Combine in a medium saucepan and heat, stirring, until the sugar is dissolved:

2 cups distilled white or white wine vinegar

2 cups water

I medium onion, sliced

1/4 cup sugar

(2 teaspoons caraway seeds)

1 teaspoon black peppercorns

6 whole cloves

(4 juniper berries)

4 allspice berries

2 bay leaves

Let cool, then transfer to a large, heavy-duty zip-top bag or a large bowl. Add and turn to coat:

One 4- to 5-pound boneless beef chuck, top round, or bottom round roast, trimmed of excess fat

Cover and refrigerate for 2 days, turning the roast once a day.

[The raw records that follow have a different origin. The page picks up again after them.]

(* Let $a\in[-1,1)$ and $\psi_a=\mathds{1}_{[a,1]}$ on $[-1,1]$. Write $P_{\mathcal{A}_+}(\psi_a)=\sum_{n=0}^\infty c_nt^n$ with $c_n\ge0$, and let $S(a)=\{n\in\mathbb{N}:c_n>0\}$. Then $S(a)=\{0,1\}$ if and only if $-\frac1{\sqrt5}\le a\le0$. Moreover, for every $a\in[-1/\sqrt5,0]$, \[ P_{\mathcal{A}_+}(\psi_a)=\frac12(1-a)+\frac34(1-a^2)t. \]
   Context: $\mathbb{N}=\{0,1,2,\dots\}$. $\psi_a(t)=0$ for $t\in[-1,a)$ and $\psi_a(t)=1$ for $t\in[a,1]$. $\mathcal{A}_+=\{\sum_{n=0}^\infty a_nt^n : a_n\ge0,\ \text{the series converges in }L^2([-1,1])\}$ (real $L^2$ for Lebesgue measure, convergence of partial sums); it is a closed convex cone, $P_{\mathcal{A}_+}$ denotes the metric projection onto it (the unique nearest point), and every element of $\mathcal{A}_+$ has a unique representation $\sum_n c_nt^n$ with $c_n\ge0$. *)

From HB Require Import structures.
From mathcomp Require Import all_boot all_order all_algebra.
From mathcomp Require Import all_classical all_reals all_analysis.
Set Implicit Arguments. Unset Strict Implicit. Unset Printing Implicit Defensive.
Import Order.TTheory GRing.Theory Num.Theory.
Import numFieldNormedType.Exports.
Local Open Scope classical_set_scope.
Local Open Scope ring_scope.

Section Defs.
Variable R : realType.

Definition I11 : set R := `[(-1)%R, 1%R].

Definition psi (a : R) (t : R) : R := if a <= t then 1 else 0.

Definition psum (c : nat -> R) (N : nat) (t : R) : R :=
  \sum_(0 <= n < N) c n * t ^+ n.

Definition L2dist2 (f g : R -> R) : \bar R :=
  (\int[@lebesgue_measure R]_(x in I11) ((f x - g x) ^+ 2)%:E)%E.

Definition series_L2_cvg (c : nat -> R) (g : R -> R) : Prop :=
  measurable_fun I11 g /\
  (fun N : nat => L2dist2 g (psum c N)) @ \oo --> 0%E.

(* c is the coefficient sequence of an element of the cone A_+,
   the element being the L^2-class of g *)
Definition in_Aplus (c : nat -> R) (g : R -> R) : Prop :=
  (forall n, 0 <= c n) /\ series_L2_cvg c g.

Definition is_proj_Aplus (f : R -> R) (c : nat -> R) : Prop :=
  exists g, in_Aplus c g /\
    forall c' g', in_Aplus c' g' -> (L2dist2 f g <= L2dist2 f g')%E.

End Defs.

(* The projection [g = sum_n c_n t^n] of [psi_a] onto [A_+] is characterised by variational
   conditions on the residual [r = psi_a - g]: perturbing [c_n] by [+-e] shows [<r, t^n> <= 0]
   for every [n], with equality when [c_n > 0].

   If the support is [{0, 1}], the equalities at [n = 0, 1] give [c_0 = (1 - a)/2] and
   [c_1 = 3/4 (1 - a^2)], and the inequalities at [n = 2, 3] then read [a <= a^3] and
   [(1 - a^4)/4 <= 3/10 (1 - a^2)], that is [a <= 0] and [5 a^2 <= 1].

   Conversely, for such [a] the candidate [p = (1 - a)/2 + 3/4 (1 - a^2) t] satisfies
   [<psi_a - p, t^n> <= 0] for all [n] (even and odd [n] separately) and [<psi_a - p, p> = 0].
   Since [g - p = (psi_a - p) - r], expanding [|g - p|^2 = <(psi_a - p) - r, g - p>] gives a
   sum of nonpositive terms, so [g = p] in [L^2].  Pairing with the indicator of [[0, e)]
   yields [sum_n c_n e^(n+1)/(n+1) = (1 - a)/2 e + 3/4 (1 - a^2) e^2/2] on [[0, 1]], and as
   the [c_n] are nonnegative this forces [c_0], [c_1] as claimed and [c_n = 0] for [n >= 2]. *)

From HB Require Import structures.
From mathcomp Require Import all_boot all_order all_algebra.
From mathcomp Require Import all_classical all_reals all_analysis.
From mathcomp Require Import measurable_realfun.
From mathcomp Require Import ring lra.
Import Order.TTheory GRing.Theory Num.Theory.
Import numFieldNormedType.Exports.

Set Implicit Arguments.
Unset Strict Implicit.
Unset Printing Implicit Defensive.

Local Open Scope classical_set_scope.
Local Open Scope ring_scope.

Lemma ler0_small_scale (R : realFieldType) (x K d : R) : 0 < d ->
  (forall e, 0 < e -> e <= d -> x <= e * K) -> x <= 0.
Proof.
move=> d0 small; rewrite leNgt; apply/negP => x0.
have K1 : 0 < `|K| + 1 by rewrite ltr_wpDl.
pose e := Num.min d (x / (`|K| + 1)).
have e0 : 0 < e by rewrite lt_min d0 divr_gt0.
have ed : e <= d by rewrite ge_min lexx.
have ex : e * (`|K| + 1) <= x by rewrite -ler_pdivlMr // ge_min lexx orbT.
have := small e e0 ed; have := ler_norm K; have := normr_ge0 K; nra.
Qed.

Lemma sqrt5_range (R : rcfType) (a : R) :
  (- (Num.sqrt 5)^-1 <= a <= 0) = (a <= 0) && (5 * a ^+ 2 <= 1).
Proof.
have [a_le0|a_gt0] := leP a 0; rewrite ?andbF ?andbT //.
rewrite lerNl -(ler0_norm a_le0) -sqrtr_sqr -sqrtrV ?ler0n // ler_sqrt ?invr_ge0 ?ler0n //.
by apply/idP/idP => h; lra.
Qed.

(* The conditions [<r, t^2> <= 0] and [<r, t^3> <= 0] for the residual
   [r = psi_a - ((1 - a)/2 + 3/4 (1 - a^2) t)]. *)
Lemma moment_bounds (R : realFieldType) (a : R) : 0 < 1 - a ^+ 2 ->
  a <= a ^+ 3 -> (1 - a ^+ 4) / 4 <= 3 / 10 * (1 - a ^+ 2) ->
  a <= 0 /\ 5 * a ^+ 2 <= 1.
Proof.
move=> a2 a3 a4; split.
  rewrite leNgt; apply/negP => a0.
  have := mulr_gt0 a0 a2; rewrite mulrBr mulr1 -exprS; lra.
have a4E : a ^+ 4 = a ^+ 2 * a ^+ 2 by rewrite -exprD.
rewrite a4E in a4; set x := a ^+ 2 in a2 a4 *.
have : 0 <= (1 - x) * (1 - 5 * x) by lra.
by rewrite pmulr_rge0 //; lra.
Qed.

Lemma one_sub_expS_le (R : realFieldType) (x : R) m : 0 <= x <= 1 / 5 ->
  1 - x ^+ m.+1 <= 5 / 4 * (1 - x).
Proof.
move=> /andP[x0 x5]; elim: m => [|m ih]; first by rewrite expr1; lra.
have -> : 1 - x ^+ m.+2 = (1 - x) + x * (1 - x ^+ m.+1) by rewrite [x ^+ m.+2]exprS; ring.
nra.
Qed.

Lemma even_moment_gap (R : realFieldType) (a : R) m : -1 <= a <= 0 ->
  (1 - a ^+ (m.*2).+1) / (m.*2).+1%:R <= (1 - a) / 2 * (2 / (m.*2).+1%:R).
Proof.
move=> /andP[a1 a0].
rewrite mulrA divfK ?pnatr_eq0 //.
rewrite ler_wpM2r ?invr_ge0 ?ler0n // lerD2l lerN2 exprS -mul2n exprM.
have : (a ^+ 2) ^+ m <= 1 by rewrite exprn_ile1 ?sqr_ge0 //; nra.
have := exprn_ge0 m (sqr_ge0 a); nra.
Qed.

Lemma odd_moment_gap (R : realFieldType) (a : R) m : 5 * a ^+ 2 <= 1 ->
  (1 - a ^+ (m.*2).+2) / (m.*2).+2%:R <= 3 / 4 * (1 - a ^+ 2) * (2 / (m.*2).+3%:R).
Proof.
move=> a5; have x0 := sqr_ge0 a; set x := a ^+ 2 in x0 a5 *.
have -> : a ^+ (m.*2).+2 = x ^+ m.+1 by rewrite -exprM mul2n doubleS.
have -> : (m.*2).+2%:R = 2 * (m%:R + 1) :> R by rewrite -addn2 natrD -mul2n natrM; ring.
have -> : (m.*2).+3%:R = 2 * m%:R + 3 :> R by rewrite -addn3 natrD -mul2n natrM; ring.
have m0 : 0 <= m%:R :> R by exact: ler0n.
rewrite ler_pdivrMr; last by apply: mulr_gt0; lra.
have -> : 3 / 4 * (1 - x) * (2 / (2 * m%:R + 3)) * (2 * (m%:R + 1)) =
          3 * (m%:R + 1) * (1 - x) / (2 * m%:R + 3) by field; apply: lt0r_neq0; lra.
rewrite ler_pdivlMr; last lra.
have x5 : 0 <= x <= 1 / 5 by apply/andP; split; lra.
case: m m0 => [|[|m]] m0.
- by rewrite expr1; lra.
- by rewrite expr2; nra.
have := one_sub_expS_le m.+2 x5.
have -> : m.+2%:R = m%:R + 2 :> R by rewrite -addn2 natrD.
have : 0 <= m%:R :> R by exact: ler0n.
nra.
Qed.

Definition primitive_psum (R : realType) (c : nat -> R) (e : R) (k N : nat) :=
  \sum_(k <= n < N) c n * (e ^+ n.+1 / n.+1%:R).

Section coefficients_of_primitive.
Variables (R : realType) (c : nat -> R) (A B : R).
Hypothesis c_ge0 : forall n, 0 <= c n.

Lemma primitive_psum_ge0 e k N : 0 <= e -> 0 <= primitive_psum c e k N.
Proof.
move=> e0; apply: sumr_ge0 => n _; apply: mulr_ge0 => //.
by apply: divr_ge0; [exact: exprn_ge0|exact: ler0n].
Qed.

Lemma primitive_psum_split e N : (2 <= N)%N ->
  primitive_psum c e 0 N = c 0%N * e + c 1%N * (e ^+ 2 / 2) + primitive_psum c e 2 N.
Proof.
by move=> N2; rewrite /primitive_psum big_ltn ?(leq_trans _ N2) // big_ltn // expr1 divr1 addrA.
Qed.

Lemma primitive_psum_le_cube e N : 0 <= e <= 1 ->
  primitive_psum c e 2 N <= e ^+ 3 * primitive_psum c 1 2 N.
Proof.
move=> /andP[e0 e1]; rewrite /primitive_psum big_distrr /=.
apply: ler_sum_nat => n /andP[n2 _]; rewrite expr1n mulrCA mul1r ler_wpM2r //.
  by apply: divr_ge0; [exact: c_ge0|exact: ler0n].
exact: ler_wiXn2l.
Qed.

Hypothesis primitive_cvg : forall e, 0 <= e <= 1 ->
  primitive_psum c e 0 N @[N --> \oo] --> A * e + B * (e ^+ 2 / 2).

Lemma primitive_lim_ge e : 0 <= e <= 1 ->
  c 0%N * e + c 1%N * (e ^+ 2 / 2) <= A * e + B * (e ^+ 2 / 2).
Proof.
move=> e01; apply: (cvgr_to_ge (primitive_cvg e01)); near=> N.
have N2 : (2 <= N)%N by near: N; exists 2%N.
rewrite primitive_psum_split // lerDl primitive_psum_ge0 //.
by case/andP: e01.
Unshelve. all: by end_near.
Qed.

Lemma primitive_coef01 : c 0%N = A /\ c 1%N = B.
Proof.
have e1 : 0 <= (1 : R) <= 1 by apply/andP; split; lra.
(* the tail from [n = 2] on is [O(e^3)]: the lower bound at [e = 1/4, 1] and the upper
   bound at [e = 1/2] pin down [c 0] and [c 1] *)
have upper e : 0 <= e <= 1 ->
    A * e + B * (e ^+ 2 / 2) - e ^+ 3 * (A * 1 + B * (1 ^+ 2 / 2)) <=
    c 0%N * e + c 1%N * (e ^+ 2 / 2) - e ^+ 3 * (c 0%N * 1 + c 1%N * (1 ^+ 2 / 2)).
  move=> e01; apply: (cvgr_to_le (cvgB (primitive_cvg e01) (cvgM (cvg_cst _) (primitive_cvg e1)))).
  near=> N; have N2 : (2 <= N)%N by near: N; exists 2%N.
  change (primitive_psum c e 0 N - e ^+ 3 * primitive_psum c 1 0 N <=
          c 0%N * e + c 1%N * (e ^+ 2 / 2) - e ^+ 3 * (c 0%N * 1 + c 1%N * (1 ^+ 2 / 2))).
  rewrite !primitive_psum_split // !expr1n; have := primitive_psum_le_cube N e01; lra.
have q1 : 0 <= (1 / 4 : R) <= 1 by apply/andP; split; lra.
have h1 : 0 <= (1 / 2 : R) <= 1 by apply/andP; split; lra.
have := primitive_lim_ge q1; have := primitive_lim_ge e1; have := upper _ h1.
rewrite !expr1n; move=> *; split; lra.
Unshelve. all: by end_near.
Qed.

Lemma primitive_coef_ge2 n : (2 <= n)%N -> c n = 0.
Proof.
move=> n2; have [c0 c1] := primitive_coef01.
have e1 : 0 <= (1 : R) <= 1 by apply/andP; split; lra.
have : c 0%N * 1 + c 1%N * (1 ^+ 2 / 2) + c n / n.+1%:R <= A * 1 + B * (1 ^+ 2 / 2).
  apply: (cvgr_to_ge (primitive_cvg e1)); near=> N.
  have nN : (n < N)%N by near: N; exists n.+1.
  rewrite primitive_psum_split ?(leq_trans n2 (ltnW nN)) // lerD2l.
  rewrite /primitive_psum (bigD1_seq n) /= ?mem_index_iota ?n2 ?iota_uniq //.
  rewrite expr1n mul1r lerDl; apply: sumr_ge0 => m _; rewrite expr1n mul1r.
  by apply: divr_ge0; [exact: c_ge0|exact: ler0n].
rewrite c0 c1 -[X in _ <= X]addr0 lerD2l pmulr_lle0 ?invr_gt0 ?ltr0n // => cn0.
by apply/eqP; rewrite eq_le cn0 c_ge0.
Unshelve. all: by end_near.
Qed.

End coefficients_of_primitive.

Section square_integrable.
Context d (T : measurableType d) (R : realType).
Variables (mu : {measure set T -> \bar R}) (D : set T).
Hypothesis mD : measurable D.

Definition sqr_integrable (u : T -> R) :=
  measurable_fun D u /\ mu.-integrable D (fun x => (u x ^+ 2)%:E).

Definition l2dot (u v : T -> R) : R := \int[mu]_(x in D) (u x * v x).

Lemma sqr_integrable_bounded (u : T -> R) (M : R) : (mu D < +oo)%E ->
  measurable_fun D u -> (forall x, D x -> `|u x| <= M) -> sqr_integrable u.
Proof.
move=> Doo u_meas uM; split => //.
apply: (measurable_bounded_integrable (f := fun x => u x ^+ 2)) => //.
  exact: measurable_funX.
exists (M ^+ 2); split; first exact: num_real.
move=> r Mr x Dx /=; rewrite normrX; apply/ltW/(le_lt_trans _ Mr).
by rewrite lerXn2r ?nnegrE ?uM ?(le_trans _ (uM x Dx)).
Qed.

Lemma sqr_integrable_mul u v : sqr_integrable u -> sqr_integrable v ->
  mu.-integrable D (EFin \o (fun x => u x * v x)).
Proof.
move=> [u_meas iu] [v_meas iv].
apply: (le_integrable mD (g := (fun x => (u x ^+ 2)%:E + (v x ^+ 2)%:E)%E)).
- by apply/measurable_EFinP; exact: measurable_funM.
- move=> x _ /=; rewrite lee_fin (ger0_norm (x := _ + _)) ?addr_ge0 ?sqr_ge0 //.
  rewrite normrM -[u x ^+ 2]real_normK ?num_real // -[v x ^+ 2]real_normK ?num_real //.
  by have := normr_ge0 (u x); have := normr_ge0 (v x); nra.
- exact: integrableD.
Qed.

Lemma sqr_integrableD u v : sqr_integrable u -> sqr_integrable v ->
  sqr_integrable (fun x => u x + v x).
Proof.
move=> [u_meas iu] [v_meas iv]; split; first exact: measurable_funD.
apply: (le_integrable mD (g := (fun x => 2%:E * (u x ^+ 2)%:E + 2%:E * (v x ^+ 2)%:E)%E)).
- by apply/measurable_EFinP; apply: measurable_funX; exact: measurable_funD.
- move=> x _ /=; rewrite lee_fin ger0_norm ?sqr_ge0 // ger0_norm; last first.
    by rewrite addr_ge0 // mulr_ge0 // sqr_ge0.
  by have := sqr_ge0 (u x - v x); nra.
- exact: (integrableD mD (integrableZl mD 2 iu) (integrableZl mD 2 iv)).
Qed.

Lemma sqr_integrableZ k u : sqr_integrable u -> sqr_integrable (fun x => k * u x).
Proof.
move=> [u_meas iu]; split; first exact: measurable_funM.
apply: (eq_integrable mD (fun x => (k ^+ 2)%:E * (u x ^+ 2)%:E)%E).
  by move=> x _ /=; rewrite -EFinM exprMn.
exact: integrableZl.
Qed.

Lemma sqr_integrableB u v : sqr_integrable u -> sqr_integrable v ->
  sqr_integrable (fun x => u x - v x).
Proof.
move=> hu hv; have := sqr_integrableD hu (sqr_integrableZ (-1) hv).
by congr sqr_integrable; apply/funext => x; rewrite mulN1r.
Qed.

Lemma eq_l2dot u u' v : {in D, u =1 u'} -> l2dot u v = l2dot u' v.
Proof. by move=> uu'; apply: eq_Rintegral => x Dx; rewrite uu'. Qed.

When ready to cook, drain the meat, reserving the marinade, and pat dry. Strain the marinade and reserve the liquid. Season the meat with:

2 teaspoons salt

1 teaspoon black pepper

Heat in a large heavy pot or Dutch oven over medium heat:

2 tablespoons vegetable oil

Add the roast and brown on all sides, for about 20 minutes. Remove the meat and pour off all but 2 tablespoons of fat from the pot. Add and cook, stirring, until the vegetables begin to soften, about 5 minutes:

1 onion, chopped

1 carrot, chopped

1 celery rib, chopped

Add the roast and half of the reserved marinade (discard the rest). Add enough:

Chicken or beef stock or broth

To come halfway up the sides of the meat. Bring to a boil, then reduce the heat, cover, and simmer (or place in a preheated 300F oven) until the meat is completely tender, 2 ½ to 3 hours. Transfer the meat to a platter and cover to keep warm. Skim the fat from the cooking liquid and reduce the liquid over high heat to about 2 ½ cups. Stir in:

¼ cup crushed gingersnaps or dried rye bread crumbs

Cook, stirring, until the sauce begins to thicken, about 5 minutes. If desired, whisk in off the heat:

(¾ cup sour cream)

Slice the meat and serve with the gravy and Potato Dumplings (below), Latkes, or cooked egg noodles









KARTOFFELKLOSSE (POTATO DUMPLINGS)

6 to 8 servings



These are light and tender, especially good with a roast and gravy. They are traditional with Sauerbraten. Some cooks like to put a tiny sprig of parsley in the center of each dumpling. Do not try to mash the potatoes with a food processor – too much starch is released from the potatoes during processing and the dumplings are difficult to handle.



Place in a large pot:

2½ pounds russet potatoes, peeled and quartered

Add water to cover, bring to a boil, then reduce to a simmer and cook until the potatoes are tender, about 20 minutes. Drain and push through a potato ricer or force through a sieve with the back of a spoon onto a baking sheet. Allow the potatoes to cool until just barely warm. Stir in, still on the baking sheet:

2 large eggs

1 cup all-purpose flour

1 ½ teaspoons salt

Stir with a fork just until the ingredients are blended and fluffy. Gently shape into 1-inch balls. Bring to a simmer in a medium saucepan:

4 quarts water

Working in batches if necessary, drop the dumplings into the liquid and simmer gently for about 10 minutes. Use a slotted spoon to transfer them to a warmed serving dish. Stir together in a bowl:

1 stick (4 ounces) butter, melted, or½ cup hot bacon fat

1 cup dry bread crumbs

Sprinkle the crumbs over the dumplings and serve.

Personal Notes:
Personal Notes:
My husband and I both have a strong German heritage. Very few recipes have maintained through the years. However, one time a year my mother would make the several days investment of time to make Sauerbraten for the family. Traditionally, the dish is served with potato dumplings or noodles and some sort of vegetable (often pickled). It is a challenging dish to make, but well worth it in the end!